Lemma gen_alg_congr (I : B -> Prop) (x z : 'I_d -> B) : is_ideal I ->
  (forall i, I (x i - z i)) ->
  forall u, gen_alg f z u -> exists u', gen_alg f x u' /\ I (u - u').
Proof.
move=> hI hxz u; elim=> [a|i|u1 u2 _ [v1 [g1 e1]] _ [v2 [g2 e2]]
                         |u1 u2 _ [v1 [g1 e1]] _ [v2 [g2 e2]]].
- by exists (f a); split; [exact: gen_scal|rewrite subrr; apply: ideal0].
- exists (x i); split; first exact: gen_var.
  by rewrite -opprB; apply: idealN.
- exists (v1 + v2); split; first exact: gen_add.
  have -> : u1 + u2 - (v1 + v2) = (u1 - v1) + (u2 - v2) by ring.
  exact: idealD.
- exists (v1 * v2); split; first exact: gen_mul.
  have -> : u1 * u2 - v1 * v2 = u2 * (u1 - v1) + v1 * (u2 - v2) by ring.
  exact: (idealD hI (idealMl hI e1) (idealMl hI e2)).
Qed.

Lemma generates_mod_congr (I : B -> Prop) (x z : 'I_d -> B) : is_ideal I ->
  generates_mod f I z -> (forall i, I (x i - z i)) -> generates_mod f I x.
Proof.
move=> hI hz hxz b; have [u [gu Ibu]] := hz b.
have [u' [gu' Iuu']] := gen_alg_congr hI hxz gu.
exists u'; split => //; rewrite -(subrKA u); exact: idealD.
Qed.

End GeneratedAlgebra.

Theorem proposition3p1
  (A B : comPzRingType) (f : {rmorphism A -> B})
  (hA : semilocal A) (hB : finite_algebra f)
  (J : B -> Prop) (hJ : is_ideal J)
  (d : nat) (hd : (0 < d)%N)
  (y : 'I_d -> B) (hy : generates_mod f J y)
  (z : (A -> Prop) -> 'I_d -> B)
  (hz : forall m, is_maximal_ideal m -> generates_mod f (ext_ideal f m) (z m))
  (hcompat : forall m, is_maximal_ideal m -> forall i,
       ideal_sum J (ext_ideal f m) (z m i - y i)) :
  exists x : 'I_d -> B,
    [/\ (forall b, gen_alg f x b),
        (forall i, J (x i - y i)) &
        (forall m, is_maximal_ideal m -> forall i, ext_ideal f m (x i - z m i))].
Proof.
have /fin_all_exists [j hj] : forall i, exists ji, J ji /\
    forall m, is_maximal_ideal m -> ext_ideal f m (ji - (z m i - y i)).
  move=> i; have [ji Jji hji] := semilocal_crt hJ hA (fun m hm => hcompat m hm i).
  by exists ji.
have hxz m : is_maximal_ideal m -> forall i, ext_ideal f m (y i + j i - z m i).
  move=> hm i; have -> : y i + j i - z m i = j i - (z m i - y i) by ring.
  exact: (hj i).2 m hm.
exists (fun i => y i + j i); split => [|i|//].
- apply: (nakayama hB (gen_alg_submodule f _)) => m hm.
  exact: generates_mod_congr (ext_ideal_is_ideal f m) (hz m hm) (hxz m hm).
- by rewrite /= addrC addKr; apply: (hj i).1.
Qed.
(* Let $k\ge 2$ and let $W\in\mathcal W^2_{5\times(3k+1)}$ be such that rows $W[2],W[3],W[4]$ each contain exactly $2k+1$ filled cells (i.e. $e(W[2])=e(W[3])=e(W[4])=1/3$). Then $e(W[1])\le -5/3$ or $e(W[5])\le -5/3$ (i.e. $W[1]$ or $W[5]$ contains at most $2k-1$ filled cells).
   Context: A 2-dimensional binary word of dimensions $h\times w$ is an $h\times w$ matrix with entries in $\{\square,\blacksquare\}$ (filled cells $\blacksquare$, empty cells $\square$); $|U|_\blacksquare$ is the number of filled cells of $U$. Two cells $(i,j),(i',j')$ are adjacent if $|i-i'|+|j-j'|=1$; the degree of a filled cell is the number of filled cells adjacent to it. $\mathcal W^2_{h\times w}$ is the set of $h\times w$ binary words in which every filled cell has degree at most $2$. $W[i]$ denotes row $i$ of $W$. The excess of an $a\times b$ word $U$ is $e(U)=|U|_\blacksquare-2ab/3$; for a row of length $3k+1$, $e=|\text{row}|_\blacksquare-2(3k+1)/3$. *)

From mathcomp Require Import all_boot all_order all_algebra.
Set Implicit Arguments. Unset Strict Implicit. Unset Printing Implicit Defensive.
Import Order.TTheory GRing.Theory Num.Theory.

(* A 2-dimensional binary word of dimensions h x w: entry true = filled cell,
   false = empty cell.  Row i (0-based) of W is W i. *)
Definition bword (h w : nat) := 'I_h -> 'I_w -> bool.

Definition adjacent h w (c c' : 'I_h * 'I_w) : bool :=
  (`|(c.1 : nat) - (c'.1 : nat)| + `|(c.2 : nat) - (c'.2 : nat)|)%N == 1%N.

Definition degree h w (W : bword h w) (c : 'I_h * 'I_w) : nat :=
  #|[set c' : 'I_h * 'I_w | adjacent c c' && W c'.1 c'.2]|.

Definition inW2 h w (W : bword h w) : Prop :=
  forall c : 'I_h * 'I_w, W c.1 c.2 -> (degree W c <= 2)%N.

Definition row_filled h w (W : bword h w) (i : 'I_h) : nat :=
  #|[set j : 'I_w | W i j]|.

Definition row_excess h w (W : bword h w) (i : 'I_h) : rat :=
  ((row_filled W i)%:R - 2%:R * w%:R / 3%:R)%R.

From mathcomp Require Import all_boot all_order all_algebra.
From mathcomp Require Import zify lra.
Import GRing.Theory Num.Theory.

(* Write T, A, B, C, D for the five rows. Counting, in a row X with neighbouring rows
   U and V, the filled cells, the adjacent empty pairs, the vertical empty pairs and
   the degrees shows that 4 e(X) + e(U) + e(V) is 2 (X_1 + X_n) - 2 minus a
   nonnegative defect. If the middle rows have excess 1/3 and the outer ones at least
   2k cells, every defect vanishes: A, B, C start filled and have no two adjacent
   empty cells, no cell of B has an empty cell above or below it, and every cell of
   B has degree exactly 2. Such a row B is 3-periodic, so up to mirroring
   B = 1 0 1 1 0 1 1 ... 0 1 1. Then A and C are filled in all columns 3m+2 and
   exactly one of A 3, C 3 is filled; if it is A 3, then A saturates the first three
   cells of T, while every later block of three cells of T misses one, so T has at
   most 2k - 1 cells. *)

(* A row of length n is a predicate on nat supported in [1, n]: positions 0 and
   n.+1 serve as empty padding, so that neighbourhoods need no boundary cases.
   In row_deg, U and V are the rows above and below X. *)
Definition row_supp (n : nat) (X : nat -> bool) := forall j, X j -> 0 < j <= n.
Definition nfilled n (X : nat -> bool) := \sum_(1 <= j < n.+1) (X j : nat).
Definition nhfilled n (X : nat -> bool) := \sum_(1 <= j < n) ((X j && X j.+1) : nat).
Definition nhempty n (X : nat -> bool) := \sum_(1 <= j < n) ((~~ X j && ~~ X j.+1) : nat).
Definition nvfilled n (X Y : nat -> bool) := \sum_(1 <= j < n.+1) ((X j && Y j) : nat).
Definition nvempty n (X Y : nat -> bool) := \sum_(1 <= j < n.+1) ((~~ X j && ~~ Y j) : nat).
Definition row_deg (X U V : nat -> bool) j : nat := X j.-1 + X j.+1 + U j + V j.
Definition max_deg2 (X U V : nat -> bool) := forall j, X j -> row_deg X U V j <= 2.
Definition slack n (X U V : nat -> bool) :=
  \sum_(1 <= j < n.+1) (X j * (2 - row_deg X U V j)).

Lemma max_deg2_swap {X U V} : max_deg2 X U V -> max_deg2 X V U.
Proof. by move=> hX j /hX; rewrite /row_deg addnAC. Qed.

Lemma sum_nat_eq0_in {m n} {F : nat -> nat} :
  \sum_(m <= j < n) F j = 0 -> forall j, m <= j < n -> F j = 0.
Proof.
move=> /eqP; rewrite sum_nat_seq_eq0 => /allP F0 j jmn.
by apply/eqP; apply: (implyP (F0 j _)); rewrite // mem_index_iota.
Qed.

Lemma nhempty_count {n} (X : nat -> bool) : 0 < n ->
  2 * nfilled n X + nhempty n X = nhfilled n X + (n - 1) + X 1 + X n.
Proof.
move=> n_gt0; rewrite /nfilled /nhempty /nhfilled.
have sumR : \sum_(1 <= j < n.+1) (X j : nat) = \sum_(1 <= j < n) (X j : nat) + X n.
  by rewrite big_nat_recr.
have sumL : \sum_(1 <= j < n.+1) (X j : nat) = X 1 + \sum_(1 <= j < n) (X j.+1 : nat).
  by case: n n_gt0 {sumR} => // n' _; rewrite big_nat_recl.
have pairs : \sum_(1 <= j < n) ((X j : nat) + X j.+1 + (~~ X j && ~~ X j.+1)) =
             \sum_(1 <= j < n) (((X j && X j.+1) : nat) + 1).
  by apply: eq_bigr => j _; case: (X j); case: (X j.+1).
rewrite !big_split /= sum_nat_const_nat in pairs.
lia.
Qed.

Lemma degree_sum {n X U V} : row_supp n X -> max_deg2 X U V ->
  2 * nhfilled n X + nvfilled n U X + nvfilled n X V + slack n X U V = 2 * nfilled n X.
Proof.
move=> suppX degX; rewrite /nfilled /slack /nvfilled /nhfilled.
have X0 : X 0 = false by apply/negP => /suppX.
have Xn1 : X n.+1 = false by apply/negP => /suppX; rewrite ltnn andbF.
clear suppX.
have right_pairs : \sum_(1 <= j < n.+1) ((X j : nat) * X j.+1) =
                   \sum_(1 <= j < n) ((X j && X j.+1) : nat).
  case: n Xn1 => [|n'] Xn1; first by rewrite !big_geq.
  rewrite big_nat_recr //= Xn1 muln0 addn0.
  by apply: eq_bigr => j _; case: (X j); case: (X j.+1).
have left_pairs : \sum_(1 <= j < n.+1) ((X j : nat) * X j.-1) =
                  \sum_(1 <= j < n) ((X j && X j.+1) : nat).
  case: n Xn1 right_pairs => [|n'] _ _; first by rewrite !big_geq.
  rewrite big_nat_recl //= X0 muln0 add0n.
  by apply: eq_bigr => j _; case: (X j); case: (X j.+1).
have split_deg : \sum_(1 <= j < n.+1) ((X j : nat) * row_deg X U V j) =
   \sum_(1 <= j < n.+1) ((X j : nat) * X j.-1) + \sum_(1 <= j < n.+1) ((X j : nat) * X j.+1)
   + \sum_(1 <= j < n.+1) ((U j && X j) : nat) + \sum_(1 <= j < n.+1) ((X j && V j) : nat).
  rewrite -!big_split; apply: eq_bigr => j _ /=; rewrite /row_deg.
  by case: (X j); case: (U j); case: (V j); case: (X j.-1); case: (X j.+1).
have deg_slack :
    \sum_(1 <= j < n.+1) ((X j : nat) * row_deg X U V j + X j * (2 - row_deg X U V j)) =
    \sum_(1 <= j < n.+1) (2 * X j).
  apply: eq_bigr => j _; case Xj: (X j) => //; have := degX j Xj; lia.
rewrite big_split /= -big_distrr /= in deg_slack.
lia.
Qed.

Lemma nvempty_count n X Y :
  nfilled n X + nfilled n Y + nvempty n X Y = nvfilled n X Y + n.
Proof.
rewrite /nfilled /nvempty /nvfilled.
have cells : \sum_(1 <= j < n.+1) ((X j : nat) + Y j + (~~ X j && ~~ Y j)) =
             \sum_(1 <= j < n.+1) (((X j && Y j) : nat) + 1).
  by apply: eq_bigr => j _; case: (X j); case: (Y j).
rewrite !big_split /= sum_nat_const_nat in cells.
lia.
Qed.

(* With e = nfilled - 2n/3 this reads
   4 e(X) + e(U) + e(V) + defects = 2 (X 1 + X n) - 2. *)
Lemma row_balance {n X U V} : 0 < n -> row_supp n X -> max_deg2 X U V ->
  4 * nfilled n X + nfilled n U + nfilled n V + 2 * nhempty n X
    + nvempty n U X + nvempty n X V + slack n X U V + 2 = 4 * n + 2 * (X 1 + X n).
Proof.
move=> n_gt0 suppX degX.
have := nhempty_count X n_gt0; have := degree_sum suppX degX.
have := nvempty_count n U X; have := nvempty_count n X V; lia.
Qed.

Lemma tight_middle_row {k X U V} : row_supp (3 * k + 1) X -> max_deg2 X U V ->
  nfilled (3 * k + 1) U = 2 * k + 1 -> nfilled (3 * k + 1) X = 2 * k + 1 ->
  nfilled (3 * k + 1) V = 2 * k + 1 ->
  [/\ X 1, forall j, 1 <= j < 3 * k + 1 -> X j || X j.+1,
      forall j, 1 <= j <= 3 * k + 1 -> U j || X j,
      forall j, 1 <= j <= 3 * k + 1 -> X j || V j
    & forall j, X j -> row_deg X U V j = 2].
Proof.
move=> suppX degX nfU nfX nfV.
have := row_balance (ltn_addl _ (ltnSn 0)) suppX degX; rewrite nfU nfX nfV.
case: (X 1); case: (X (3 * k + 1)) => //= bal; try lia.
have nh0 : nhempty (3 * k + 1) X = 0 by lia.
have nvU0 : nvempty (3 * k + 1) U X = 0 by lia.
have nvV0 : nvempty (3 * k + 1) X V = 0 by lia.
have sl0 : slack (3 * k + 1) X U V = 0 by lia.
split=> // [j jn | j jn | j jn | j Xj].
- by have := sum_nat_eq0_in nh0 j jn; case: (X j); case: (X j.+1).
- have /(sum_nat_eq0_in nvU0 j) : 1 <= j < (3 * k + 1).+1 by lia.
  by case: (U j); case: (X j).
- have /(sum_nat_eq0_in nvV0 j) : 1 <= j < (3 * k + 1).+1 by lia.
  by case: (X j); case: (V j).
- have /(sum_nat_eq0_in sl0 j) : 1 <= j < (3 * k + 1).+1 by have := suppX j Xj; lia.
  rewrite Xj; have := degX j Xj; lia.
Qed.

Lemma tight_outer_row {k X U V} : row_supp (3 * k + 1) X -> max_deg2 X U V ->
  2 * k <= nfilled (3 * k + 1) U -> nfilled (3 * k + 1) X = 2 * k + 1 ->
  nfilled (3 * k + 1) V = 2 * k + 1 ->
  X 1 /\ forall j, 1 <= j < 3 * k + 1 -> X j || X j.+1.
Proof.
move=> suppX degX nfU nfX nfV.
have := row_balance (ltn_addl _ (ltnSn 0)) suppX degX; rewrite nfX nfV.
case: (X 1); case: (X (3 * k + 1)) => //= bal; try lia.
have nh0 : nhempty (3 * k + 1) X = 0 by lia.
split=> // j jn.
by have := sum_nat_eq0_in nh0 j jn; case: (X j); case: (X j.+1).
Qed.

Lemma sum3 (X : nat -> bool) a : \sum_(a <= j < a + 3) (X j : nat) = X a + X a.+1 + X a.+2.
Proof. by rewrite /index_iota addKn !big_cons big_nil addn0 !addnA. Qed.

(* Each window 3m+1, 3m+2, 3m+3 of T has an empty cell, because T (3m+2) sees
   the filled cell A (3m+2); the first window is empty altogether, as A 1, A 2
   and A 3 are already saturated. *)
Lemma top_row_nfilled_lt {k T A B} : 0 < k -> max_deg2 T xpred0 A -> max_deg2 A T B ->
  A 1 -> A 3 -> B 1 -> B 3 -> (forall m, m < k -> A (3 * m + 2)) ->
  nfilled (3 * k + 1) T < 2 * k.
Proof.
move=> k_gt0 degT degA A1 A3 B1 B3 A_2mod3.
have A2 : A 2 by apply: (A_2mod3 0).
have first_window : \sum_(1 <= j < 1 + 3) (T j : nat) = 0.
  have := degA 1 A1; have := degA 2 A2; have := degA 3 A3.
  rewrite sum3 /row_deg /= A1 A2 A3 B1 B3.
  by case: (T 1); case: (T 2); case: (T 3) => //=; lia.
have window m : m < k -> \sum_(3 * m + 1 <= j < 3 * m + 1 + 3) (T j : nat) <= 2.
  move=> mk; rewrite sum3; case T2: (T (3 * m + 1).+1); last by case: (T _); case: (T _).
  by have := degT _ T2; rewrite /row_deg addn0 /= -addnS A_2mod3 //; lia.
have prefix i : i < k -> \sum_(1 <= j < 3 * i + 1 + 3) (T j : nat) <= 2 * i.
  elim: i => [|i IH] ik; first by rewrite first_window.
  rewrite (@big_cat_nat _ _ _ (3 * i.+1 + 1)); [|lia|lia].
  rewrite (mulnSr 2); apply: leq_add; last exact: window.
  by rewrite (_ : 3 * i.+1 + 1 = 3 * i + 1 + 3); [exact/IH/ltnW | lia].
case: k k_gt0 A_2mod3 window prefix => // k _ _ _ prefix.
rewrite /nfilled (_ : (3 * k.+1 + 1).+1 = (3 * k + 1 + 3).+1); last lia.
rewrite big_nat_recr /=; last lia.
by have := prefix k (ltnSn k); case: (T (3 * k + 1 + 3)); lia.
Qed.

Set Implicit Arguments.
Record counterexample k (T A B C D : nat -> bool) : Prop := Counterexample {
  cex_k_gt0 : 0 < k;
  cex_suppT : row_supp (3 * k + 1) T;
  cex_suppA : row_supp (3 * k + 1) A;
  cex_suppB : row_supp (3 * k + 1) B;
  cex_suppC : row_supp (3 * k + 1) C;
  cex_suppD : row_supp (3 * k + 1) D;
  cex_degT : max_deg2 T xpred0 A;
  cex_degA : max_deg2 A T B;
  cex_degB : max_deg2 B A C;
  cex_degC : max_deg2 C B D;
  cex_degD : max_deg2 D C xpred0;
  cex_nfA : nfilled (3 * k + 1) A = 2 * k + 1;
  cex_nfB : nfilled (3 * k + 1) B = 2 * k + 1;
  cex_nfC : nfilled (3 * k + 1) C = 2 * k + 1;
  cex_nfT : 2 * k <= nfilled (3 * k + 1) T;
  cex_nfD : 2 * k <= nfilled (3 * k + 1) D }.
Unset Implicit Arguments.

Section CounterexampleRows.
Context {k : nat} {T A B C D : nat -> bool}.
Hypothesis cex : counterexample k T A B C D.

Let tightB := tight_middle_row (cex_suppB cex) (cex_degB cex)
                (cex_nfA cex) (cex_nfB cex) (cex_nfC cex).
Let tightA := tight_outer_row (cex_suppA cex) (cex_degA cex)
                (cex_nfT cex) (cex_nfA cex) (cex_nfB cex).
Let tightC := tight_outer_row (cex_suppC cex) (max_deg2_swap (cex_degC cex))
                (cex_nfD cex) (cex_nfC cex) (cex_nfB cex).

Lemma B1_filled : B 1.
Proof. by have [] := tightB. Qed.

Lemma B_no_three j : 1 <= j -> j + 2 <= 3 * k + 1 -> ~~ [&& B j, B j.+1 & B j.+2].
Proof.
move=> j_ge1 j_le; apply/and3P => -[B0 B1 B2].
have [_ _ _ _ degB2] := tightB; have [_ pairA] := tightA; have [_ pairC] := tightC.
have := degB2 _ B0; have := degB2 _ B1; rewrite /row_deg /= B0 B1 B2.
have := pairA j; have := pairC j.
case: (A j); case: (A j.+1); case: (C j); case: (C j.+1) => /=; lia.
Qed.

Lemma B_no_isolated j : 1 <= j -> j + 2 <= 3 * k + 1 -> B j.+1 -> B j || B j.+2.
Proof.
move=> j_ge1 j_le B1; apply/negPn/negP; rewrite negb_or => /andP[/negPf B0 /negPf B2].
have [_ _ vAB _ degB2] := tightB.
have := degB2 _ B1; have := vAB j; have := vAB j.+2; rewrite /row_deg /= B0 B2.
case: (A j.+1) (cex_degA cex j.+1); rewrite /row_deg /=;
  case: (A j); case: (A j.+2); case: (C j.+1) => /=; lia.
Qed.

Lemma B_period3 j : 1 <= j -> j + 3 <= 3 * k + 1 -> B (j + 3) = B j.
Proof.
move=> j_ge1 j_le; have [_ pairB _ _ _] := tightB.
have := pairB j; have := pairB j.+1; have := pairB j.+2.
have := B_no_three j; have := B_no_three j.+1.
have := B_no_isolated j; have := B_no_isolated j.+1.
rewrite addn3.
case: (B j); case: (B j.+1); case: (B j.+2); case: (B j.+3) => //=; lia.
Qed.
Lemma Csum_single f N y : (y < N)%nat -> (forall x, (x < N)%nat -> x <> y -> f x = C0) ->
  Csum f N = f y.
Proof.
  intros Hy Hf; rewrite Csum_components, !(Rsum_single _ N y) by
    (auto; intros x Hx Hxy; rewrite Hf; auto).
  destruct (f y); reflexivity.
Qed.

Lemma Cnorm2_C0 : Cnorm2 C0 = 0.
Proof. unfold Cnorm2, C0, RtoC; simpl; ring. Qed.

Lemma Cnorm2_Csum_sparse f N :
  (forall x y, (x < N)%nat -> (y < N)%nat -> f x <> C0 -> f y <> C0 -> x = y) ->
  Cnorm2 (Csum f N) = Rsum (fun x => Cnorm2 (f x)) N.
Proof.
  intros Hsparse.
  destruct (classic (exists y, (y < N)%nat /\ f y <> C0)) as [[y [Hy Hfy]]|Hnone].
  - assert (Hother : forall x, (x < N)%nat -> x <> y -> f x = C0).
    { intros x Hx Hxy; apply NNPP; intros Hfx; apply Hxy, Hsparse; auto. }
    rewrite (Csum_single f N y), (Rsum_single _ N y); auto.
    intros x Hx Hxy; rewrite Hother, Cnorm2_C0; auto.
  - assert (Hzero : forall x, (x < N)%nat -> f x = C0).
    { intros x Hx; apply NNPP; intros Hfx; apply Hnone; eauto. }
    rewrite Csum_zero, Rsum_zero, Cnorm2_C0; auto.
    intros x Hx; rewrite Hzero, Cnorm2_C0; auto.
Qed.

Section ClassRank.
Variable f : nat -> nat.

Fixpoint class_size (k N : nat) : nat :=
  match N with
  | O => O
  | S N' => (class_size k N' + if Nat.eqb (f N') k then 1 else 0)%nat
  end.

Definition class_rank (x : nat) : nat := class_size (f x) x.

Lemma class_size_mono k N M : (N <= M)%nat -> (class_size k N <= class_size k M)%nat.
Proof. induction 1; simpl; lia. Qed.

Lemma class_size_le k N : (class_size k N <= N)%nat.
Proof. induction N; simpl; [|destruct (Nat.eqb _ _)]; lia. Qed.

◆ Exercise ◆
Produce only the lines from the line containing "Fixpoint class_size (k" through the line containing "Lemma class_size_le k", inclusive of both, exactly as they stand in the entries above.

◆ Output of the task ◆
Fixpoint class_size (k N : nat) : nat :=
  match N with
  | O => O
  | S N' => (class_size k N' + if Nat.eqb (f N') k then 1 else 0)%nat
  end.

Definition class_rank (x : nat) : nat := class_size (f x) x.

Lemma class_size_mono k N M : (N <= M)%nat -> (class_size k N <= class_size k M)%nat.
Proof. induction 1; simpl; lia. Qed.

Lemma class_size_le k N : (class_size k N <= N)%nat.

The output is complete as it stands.